Your task >> Set out exactly every line of the entries below, starting at the line that holds "rewrite /block_weight /ev -rowE !mxE [x]ord1" and stopping after the line that holds "Lemma pairingD a".

Source data >>
(* The number $|\Pi_{\mathfrak t}^+|$ of isotropy summands of the following flag manifolds of classical Lie groups is: (A) $SU(n)/S(U(n_1)\times\cdots\times U(n_s))$, $n=\sum n_i$: $s(s-1)/2$. (B i) $SO(2n+1)/U(n_1)\times\cdots\times U(n_s)\times U(1)^m$, $n\ge 2$: $(s+m)^2+s$. (B ii) $SO(2n+1)/U(n_1)\times\cdots\times U(n_s)\times U(1)^m\times SO(2t+1)$, $t\ge2$: $(s+m)^2+s$. (C i) $Sp(n)/U(n_1)\times\cdots\times U(n_s)\times U(1)^m$, $n\ge3$: $(s+m)^2$. (C ii) $Sp(n)/U(n_1)\times\cdots\times U(n_s)\times U(1)^m\times Sp(t)$, $t\ge3$: $(s+m)^2+(s+m)$. (D i) $SO(2n)/U(n_1)\times\cdots\times U(n_s)\times U(1)^m$, $n\ge4$: $(s+m)^2-m$. (D ii) $SO(2n)/U(n_1)\times\cdots\times U(n_s)\times U(1)^m\times SO(2t)$, $t\ge4$: $(s+m)^2+s$. Here in cases (B i), (C i), (D i) one has $\sum n_i+m=n$, $n_i>1$, $m,s\ge0$; in cases (B ii), (C ii), (D ii) one has $\sum n_i+t+m=n$, $n_i>1$, $m,s\ge0$.
   Context: For a flag manifold $M=U/K$ of a compact semisimple Lie group, with complexified Lie algebra $\mathfrak g$, Cartan subalgebra $\mathfrak h$, root system $\Pi$, and isotropy algebra with complexification $\mathfrak k^{\mathbb C}=\mathfrak h\oplus\bigoplus_{\alpha\in\Pi_\Theta}\mathfrak g_\alpha$ (for a subset $\Pi_\Theta$ of roots generated by a set of simple roots), let $\Pi_M=\Pi\setminus\Pi_\Theta$, $\mathfrak t=\{H\in i\mathfrak h_{\mathbb R}:\alpha(H)=0\ \forall\alpha\in\Pi_\Theta\}$ (where $\mathfrak h_{\mathbb R}$ is the real span of the coroots), and $k$ the restriction of functionals to $\mathfrak t$. The t-roots are $\Pi_{\mathfrak t}=k(\Pi_M)$ and the positive t-roots $\Pi^+_{\mathfrak t}=k(\Pi_M\cap\Pi^+)$. Positive t-roots $\xi$ are in bijection with the irreducible summands $\mathfrak m_\xi=\sum_{k(\alpha)=\xi}\mathfrak u_\alpha$ (with $\mathfrak u_\alpha$ the real span of $X_\alpha-X_{-\alpha},\,i(X_\alpha+X_{-\alpha})$) of the isotropy representation on the tangent space $\mathfrak m=\bigoplus_\xi\mathfrak m_\xi$; the number of isotropy summands is $|\Pi^+_{\mathfrak t}|$. The subgroups are the standard block embeddings (the $U(n_i)$ and $U(1)$ factors corresponding to consecutive blocks of the coordinates $\varepsilon_1,\dots,\varepsilon_n$ of the standard Cartan subalgebra, the last factor $SO(2t+1)$, $Sp(t)$ or $SO(2t)$ to the last $t$ coordinates). *)

From HB Require Import structures.
From mathcomp Require Import all_boot all_order all_algebra.
From mathcomp Require Import reals.
Set Implicit Arguments. Unset Strict Implicit. Unset Printing Implicit Defensive.
Import Order.TTheory GRing.Theory Num.Theory.
Local Open Scope ring_scope.

(** Coordinates: a root / weight is an integer row vector a, viewed as the
    functional  sum_i a_i eps_i  on the real Cartan subalgebra 'rV[R]_n
    (coordinates w.r.t. the standard basis dual to eps_1..eps_n; the factor i
    of i h_R is irrelevant for the counting). *)

Definition ev (n : nat) (i : 'I_n) : 'rV[int]_n := delta_mx 0 i.

Definition pairing (R : numDomainType) (n : nat) (a : 'rV[int]_n) (H : 'rV[R]_n) : R :=
  \sum_i (a 0 i)%:~R * H 0 i.

Definition posrootsA (n : nat) (a : 'rV[int]_n) : Prop :=
  exists i j : 'I_n, (i < j)%N /\ a = ev i - ev j.

Definition long_root (n : nat) (a : 'rV[int]_n) : Prop :=
  exists i j : 'I_n, i != j /\
    (a = ev i - ev j \/ a = ev i + ev j \/ a = - ev i - ev j).
Definition long_pos (n : nat) (a : 'rV[int]_n) : Prop :=
  exists i j : 'I_n, (i < j)%N /\ (a = ev i - ev j \/ a = ev i + ev j).

Definition rootsB (n : nat) (a : 'rV[int]_n) : Prop :=
  long_root a \/ exists i : 'I_n, a = ev i \/ a = - ev i.
Definition posrootsB (n : nat) (a : 'rV[int]_n) : Prop :=
  long_pos a \/ exists i : 'I_n, a = ev i.
Definition rootsC (n : nat) (a : 'rV[int]_n) : Prop :=
  long_root a \/ exists i : 'I_n, a = ev i *+ 2 \/ a = - (ev i *+ 2).
Definition posrootsC (n : nat) (a : 'rV[int]_n) : Prop :=
  long_pos a \/ exists i : 'I_n, a = ev i *+ 2.
Definition rootsD (n : nat) (a : 'rV[int]_n) : Prop := long_root a.
Definition posrootsD (n : nat) (a : 'rV[int]_n) : Prop := long_pos a.

(** Consecutive blocks of coordinates with sizes bs (0-based coordinates):
    blk bs i = index of the block containing coordinate i. *)
Definition blk (bs : seq nat) (i : nat) : nat :=
  count (fun k => (sumn (take k.+1 bs) <= i)%N) (iota 0 (size bs)).

Definition same_U (bs : seq nat) (i j : nat) : bool :=
  [&& (i < sumn bs)%N, (j < sumn bs)%N & blk bs i == blk bs j].

(** Roots of the isotropy subgroup (Pi_Theta):
    - type A: eps_i - eps_j, i <> j in the same U(n_k)-block;
    - types B,C,D: the same, plus the roots of the last factor
      SO(2t+1)/Sp(t)/SO(2t), i.e. roots supported in the last tt coordinates. *)
Definition thetaA (n : nat) (bs : seq nat) (a : 'rV[int]_n) : Prop :=
  exists i j : 'I_n, i != j /\ same_U bs i j /\ a = ev i - ev j.

Definition thetaBCD (n : nat) (isroot : 'rV[int]_n -> Prop) (bs : seq nat)
  (tt : nat) (a : 'rV[int]_n) : Prop :=
  (exists i j : 'I_n, i != j /\ same_U bs i j /\ a = ev i - ev j) \/
  (isroot a /\ forall k : 'I_n, a 0 k != 0 -> (n - tt <= k)%N).

(** Real span of coroots: sum-zero hyperplane for SU(n), everything otherwise. *)
Definition hR_A (R : numDomainType) (n : nat) (H : 'rV[R]_n) : Prop :=
  \sum_i H 0 i = 0.
Definition hR_full (R : numDomainType) (n : nat) (H : 'rV[R]_n) : Prop := True.

Definition tsp (R : numDomainType) (n : nat) (hR : 'rV[R]_n -> Prop)
  (theta : 'rV[int]_n -> Prop) (H : 'rV[R]_n) : Prop :=
  hR H /\ forall a, theta a -> pairing a H = 0.

Definition restr (R : numDomainType) (n : nat) (hR : 'rV[R]_n -> Prop)
  (theta : 'rV[int]_n -> Prop) (a : 'rV[int]_n) :
  {H : 'rV[R]_n | tsp hR theta H} -> R :=
  fun H => pairing a (sval H).
Arguments restr : clear implicits.

Definition has_card (T : Type) (A : T -> Prop) (N : nat) : Prop :=
  exists f : 'I_N -> T, injective f /\ forall x, A x <-> exists i, f i = x.

Definition num_summands (R : numDomainType) (n : nat) (hR : 'rV[R]_n -> Prop)
  (pos theta : 'rV[int]_n -> Prop) (N : nat) : Prop :=
  has_card (fun f : {H : 'rV[R]_n | tsp hR theta H} -> R =>
              exists a, pos a /\ ~ theta a /\ f = restr R n hR theta a) N.

Arguments num_summands : clear implicits.
Arguments thetaA : clear implicits.
Arguments thetaBCD : clear implicits.

From HB Require Import structures.
From mathcomp Require Import all_boot all_order all_algebra.
From mathcomp Require Import reals.
From mathcomp Require Import zify.
From Stdlib Require Import FunctionalExtensionality.
(* An element H of t is constant on each U(n_i)-block of coordinates and
   vanishes on the coordinates of the last factor SO(2t+1), Sp(t) or SO(2t).
   Hence the restriction of a root a to t depends only on its block weight, the
   vector of the sums of the coordinates of a over the blocks.  Conversely the
   block indicators (centered, in type A) lie in t, so two roots have the same
   restriction iff they have the same block weight.  Counting positive t-roots
   thus amounts to listing the block weights of the positive roots outside
   Pi_Theta: eps_a - eps_b (a < b) in type A; eps_a +- eps_b (a <> b) in the
   other types, together with eps_a in type B and, when there is a last factor,
   in types C and D, with 2 eps_a in type C, and with 2 eps_a for the blocks of
   size > 1 in types B and D. *)

Set Implicit Arguments. Unset Strict Implicit. Unset Printing Implicit Defensive.
Import Order.TTheory GRing.Theory Num.Theory.

Section Blocks.
Variable bs : seq nat.

Definition block_start (c : nat) : nat := sumn (take c bs).

Lemma block_start_mono : {homo block_start : c d / (c <= d)%N}.
Proof.
rewrite /block_start; elim: bs => [|x s IH] [|c] [|d] //=.
by rewrite ltnS => /IH; lia.
Qed.

Lemma block_startS c : (c < size bs)%N -> block_start c.+1 = (block_start c + nth 0 bs c)%N.
Proof. by move=> hc; rewrite /block_start (take_nth 0 hc) sumn_rcons. Qed.

Lemma block_start_size : block_start (size bs) = sumn bs.
Proof. by rewrite /block_start take_size. Qed.

Lemma blk_of_range c i : (c < size bs)%N ->
  (block_start c <= i < block_start c.+1)%N -> blk bs i = c.
Proof.
move=> hc /andP[lo hi]; rewrite /blk.
have -> : size bs = (c + (size bs - c))%N by lia.
rewrite iotaD count_cat add0n.
rewrite (eq_in_count (a2 := predT)); last first.
  by move=> k; rewrite mem_iota => /andP[_ hk] /=; apply: leq_trans lo; apply: block_start_mono.
rewrite count_predT size_iota (eq_in_count (a2 := pred0)) ?count_pred0 ?addn0 //.
move=> k; rewrite mem_iota => /andP[hk _] /=.
by apply/negbTE; rewrite -ltnNge; apply: leq_trans hi _; apply: block_start_mono.
Qed.

Lemma blk_mono : {homo blk bs : i j / (i <= j)%N}.
Proof. by move=> i j hij; apply: sub_count => k /= hk; apply: leq_trans hk hij. Qed.

Lemma blk_range i : (i < sumn bs)%N ->
  (blk bs i < size bs)%N /\ (block_start (blk bs i) <= i < block_start (blk bs i).+1)%N.
Proof.
move=> hi; suff [c [hc hci]] : exists c,
    (c < size bs)%N /\ (block_start c <= i < block_start c.+1)%N.
  by rewrite (blk_of_range hc hci).
rewrite /block_start; elim: bs i hi => [|x s IH] i //=.
case: (ltnP i x) => hix hi; first by exists 0%N; split => //=; lia.
have [c [hc hci]] := IH (i - x)%N ltac:(lia).
by exists c.+1; split => //=; lia.
Qed.

Lemma blk_in_block c d : (c < size bs)%N -> (d < nth 0 bs c)%N ->
  blk bs (block_start c + d) = c /\ (block_start c + d < sumn bs)%N.
Proof.
move=> hc hd; have hlt : (block_start c + d < block_start c.+1)%N by rewrite block_startS //; lia.
split; first by apply: blk_of_range => //; rewrite hlt leq_addr.
by apply: leq_trans hlt _; rewrite -block_start_size; apply: block_start_mono.
Qed.

Lemma blk_eq_size_gt1 i j : (i < j)%N -> (j < sumn bs)%N -> blk bs i = blk bs j ->
  (1 < nth 0 bs (blk bs i))%N.
Proof.
move=> hij hj he; have [hc hjr] := blk_range hj.
have [_ hir] := blk_range (ltn_trans hij hj).
by move: hjr hir; rewrite -he block_startS //; lia.
Qed.

End Blocks.

Local Open Scope ring_scope.

Lemma ev_coord m (i k : 'I_m) : ev i 0 k = (i == k)%:R.
Proof. by rewrite /ev mxE eqxx eq_sym. Qed.

Section BlockWeight.
Variables (n : nat) (bs : seq nat).
Local Notation S := (size bs).

Definition in_block (i : 'I_n) (c : 'I_S) : bool := (i < sumn bs)%N && (blk bs i == c).

Definition block_weight (a : 'rV[int]_n) : 'rV[int]_S :=
  a *m \matrix_(i, c) (in_block i c)%:R.

Lemma block_weightD a b : block_weight (a + b) = block_weight a + block_weight b.
Proof. exact: mulmxDl. Qed.

Lemma block_weightB a b : block_weight (a - b) = block_weight a - block_weight b.
Proof. exact: mulmxBl. Qed.

Lemma block_weightMn a k : block_weight (a *+ k) = block_weight a *+ k.
Proof. exact: (raddfMn (mulmxr _)). Qed.

Lemma block_weight_ev_in (i : 'I_n) : (i < sumn bs)%N ->
  exists2 c : 'I_S, val c = blk bs i & block_weight (ev i) = ev c.
Proof.
move=> hi; have [hc _] := blk_range hi.
exists (Ordinal hc) => //; apply/matrixP => x c.
rewrite /block_weight /ev -rowE !mxE [x]ord1 eqxx /in_block hi /=.
by rewrite eq_sym; congr (_ %:R); exact: (inj_eq val_inj).
Qed.

Lemma block_weight_ev_out (i : 'I_n) : (sumn bs <= i)%N -> block_weight (ev i) = 0.
Proof.
move=> hi; apply/matrixP => x c.
by rewrite /block_weight /ev -rowE !mxE /in_block ltnNge hi.
Qed.

Lemma block_weight_tail (a : 'rV[int]_n) : (forall k : 'I_n, a 0 k != 0 -> (sumn bs <= k)%N) ->
  block_weight a = 0.
Proof.
move=> supp; apply/matrixP => x c; rewrite [x]ord1 !mxE big1 // => k _.
rewrite mxE /in_block; have [-> | /supp] := eqVneq (a 0 k) 0; first by rewrite mul0r.
by rewrite leqNgt => /negbTE ->; rewrite mulr0.
Qed.

End BlockWeight.

Section Pairing.
Variables (R : numDomainType) (n : nat).
Implicit Types (a b : 'rV[int]_n) (H : 'rV[R]_n).

Lemma pairingD a b H : pairing (a + b) H = pairing a H + pairing b H.
Proof. by rewrite /pairing -big_split; apply: eq_bigr => i _; rewrite mxE intrD mulrDl. Qed.

Lemma pairingN a H : pairing (- a) H = - pairing a H.
Proof. by rewrite /pairing -sumrN; apply: eq_bigr => i _; rewrite mxE intrN mulNr. Qed.

Lemma pairingB a b H : pairing (a - b) H = pairing a H - pairing b H.
Proof. by rewrite pairingD pairingN. Qed.

Lemma pairingMn a k H : pairing (a *+ k) H = pairing a H *+ k.
Proof.
elim: k => [|k IH]; last by rewrite !mulrS pairingD IH.
by rewrite /pairing big1 // => i; rewrite mxE mul0r.
Qed.

Lemma pairing_ev (i : 'I_n) H : pairing (ev i) H = H 0 i.
Proof.
rewrite /pairing (bigD1 i) //= ev_coord eqxx mul1r big1 ?addr0 // => k hk.
by rewrite ev_coord eq_sym (negbTE hk) mul0r.
Qed.

Variable bs : seq nat.

Definition block_indicator (c : 'I_(size bs)) : 'rV[R]_n := \row_i (in_block i c)%:R.

Lemma pairing_block_indicator a c :
  pairing a (block_indicator c) = (block_weight bs a 0 c)%:~R.
Proof.
rewrite /pairing !mxE rmorph_sum; apply: eq_bigr => i _.
by rewrite !mxE; case: in_block; rewrite ?mulr1 ?mulr0.
Qed.

End Pairing.

Section Restriction.
Variables (R : numDomainType) (n : nat) (bs : seq nat) (hR : 'rV[R]_n -> Prop)
  (theta : 'rV[int]_n -> Prop).
Local Notation S := (size bs).
Local Notation t := {H : 'rV[R]_n | tsp hR theta H}.
Hypothesis theta_block_diff :
  forall i j : 'I_n, i != j -> same_U bs i j -> theta (ev i - ev j).
Hypothesis tsp_tail : forall H, tsp hR theta H -> forall i : 'I_n, (sumn bs <= i)%N -> H 0 i = 0.

(* [0] on an empty block, where no coordinate can be picked. *)
Definition block_value (H : 'rV[R]_n) : 'rV[R]_S :=
  \row_c if [pick i | in_block i c] is Some j then H 0 j else 0.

Result for this exercise >>
rewrite /block_weight /ev -rowE !mxE [x]ord1 eqxx /in_block hi /=.
by rewrite eq_sym; congr (_ %:R); exact: (inj_eq val_inj).
Qed.

Lemma block_weight_ev_out (i : 'I_n) : (sumn bs <= i)%N -> block_weight (ev i) = 0.
Proof.
move=> hi; apply/matrixP => x c.
by rewrite /block_weight /ev -rowE !mxE /in_block ltnNge hi.
Qed.

Lemma block_weight_tail (a : 'rV[int]_n) : (forall k : 'I_n, a 0 k != 0 -> (sumn bs <= k)%N) ->
  block_weight a = 0.
Proof.
move=> supp; apply/matrixP => x c; rewrite [x]ord1 !mxE big1 // => k _.
rewrite mxE /in_block; have [-> | /supp] := eqVneq (a 0 k) 0; first by rewrite mul0r.
by rewrite leqNgt => /negbTE ->; rewrite mulr0.
Qed.

End BlockWeight.

Section Pairing.
Variables (R : numDomainType) (n : nat).
Implicit Types (a b : 'rV[int]_n) (H : 'rV[R]_n).

Lemma pairingD a b H : pairing (a + b) H = pairing a H + pairing b H.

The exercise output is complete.